43. The engineered microbial cell of claim 42, wherein the engineered microbial cell comprises a heterologous cystathionine beta-synthase having at least 70% amino acid sequence identity with a Saccharomyces cerevisiae cystathionine beta-synthase.

44. The engineered microbial cell of claim 43, wherein the engineered microbial cell additionally comprises a heterologous cystathionine gamma-synthase having at least 70% amino acid sequence identity with a Bacillus paralicheniformis cystathionine gamma-synthase.

45. The engineered microbial cell of claim 43 or claim 44, wherein the engineered microbial cell additionally comprises a feedback-deregulated aspartokinase having at least 70% amino acid sequence identity with a feedback-deregulated Saccharomyces cerevisiae aspartokinase.

46. The engineered microbial cell of any one of claims 1-45, wherein, when cultured, the engineered microbial cell produces cystathionine at a level at least 50 μg/L of culture medium.
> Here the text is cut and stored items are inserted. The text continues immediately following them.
Lemma eventually_lt_of_dissipation (V D : R -> R) c eta : 0 < c ->
  (forall t, 0 <= t -> is_derive V t (D t)) ->
  (forall t, 0 <= t -> D t <= 0) ->
  (forall t, 0 <= t -> eta <= V t -> D t <= - c) ->
  (forall t, 0 <= t -> 0 <= V t) ->
  exists T, 0 <= T /\ forall t, T <= t -> V t < eta.
Proof.
  intros Hc HV HD HDc HV0.
  assert (Hmono : forall s t, 0 <= s -> s <= t -> V t <= V s).
  { intros s t Hs Hst. apply (nonpos_derive_nonincreasing V D s t Hst);
      intros; [apply HV | apply HD]; lra. }
  set (T := V 0 / c + 1).
  assert (HT : 0 <= T)
    by (unfold T; assert (0 <= V 0 / c) by (apply Rdiv_le_0_compat; auto with real); lra).
  exists T; split; [exact HT|].
  destruct (Rlt_le_dec (V T) eta) as [HVT | HVT].
  { intros t Ht. apply (Rle_lt_trans _ (V T)); [apply Hmono; lra | exact HVT]. }
  (* Otherwise [V] stays above [eta] on [0, T], so it drops by at least [c T > V 0]. *)
  assert (Hdrop : V T + c * T <= V 0 + c * 0).
  { apply (nonpos_derive_nonincreasing (fun s => V s + c * s) (fun s => D s + c)); [exact HT| |].
    - intros t Ht. apply (is_derive_plus V (fun s => c * s)); [apply HV; lra|].
      auto_derive; auto; ring.
    - intros t Ht. assert (V T <= V t) by (apply Hmono; lra).
      assert (D t <= - c) by (apply HDc; lra). lra. }
  assert (c * T = V 0 + c) by (unfold T; field; lra).
  assert (0 <= V T) by (apply HV0, HT). lra.
Qed.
47. The engineered microbial cell of claim 46, wherein, when cultured, the engineered microbial cell produces cystathionine at a level at least 1 mg/L of culture medium.

48. A culture of engineered microbial cells according to any one of claims 1-47, optionally wherein the culture comprises cystathionine at a level at least 4 mg/L of culture medium.

49. A method of culturing engineered microbial cells according to any one of claims 1-47, the method comprising culturing the cells under conditions suitable for producing cystathionine, optionally wherein the method additionally comprises recovering cystathionine from the culture.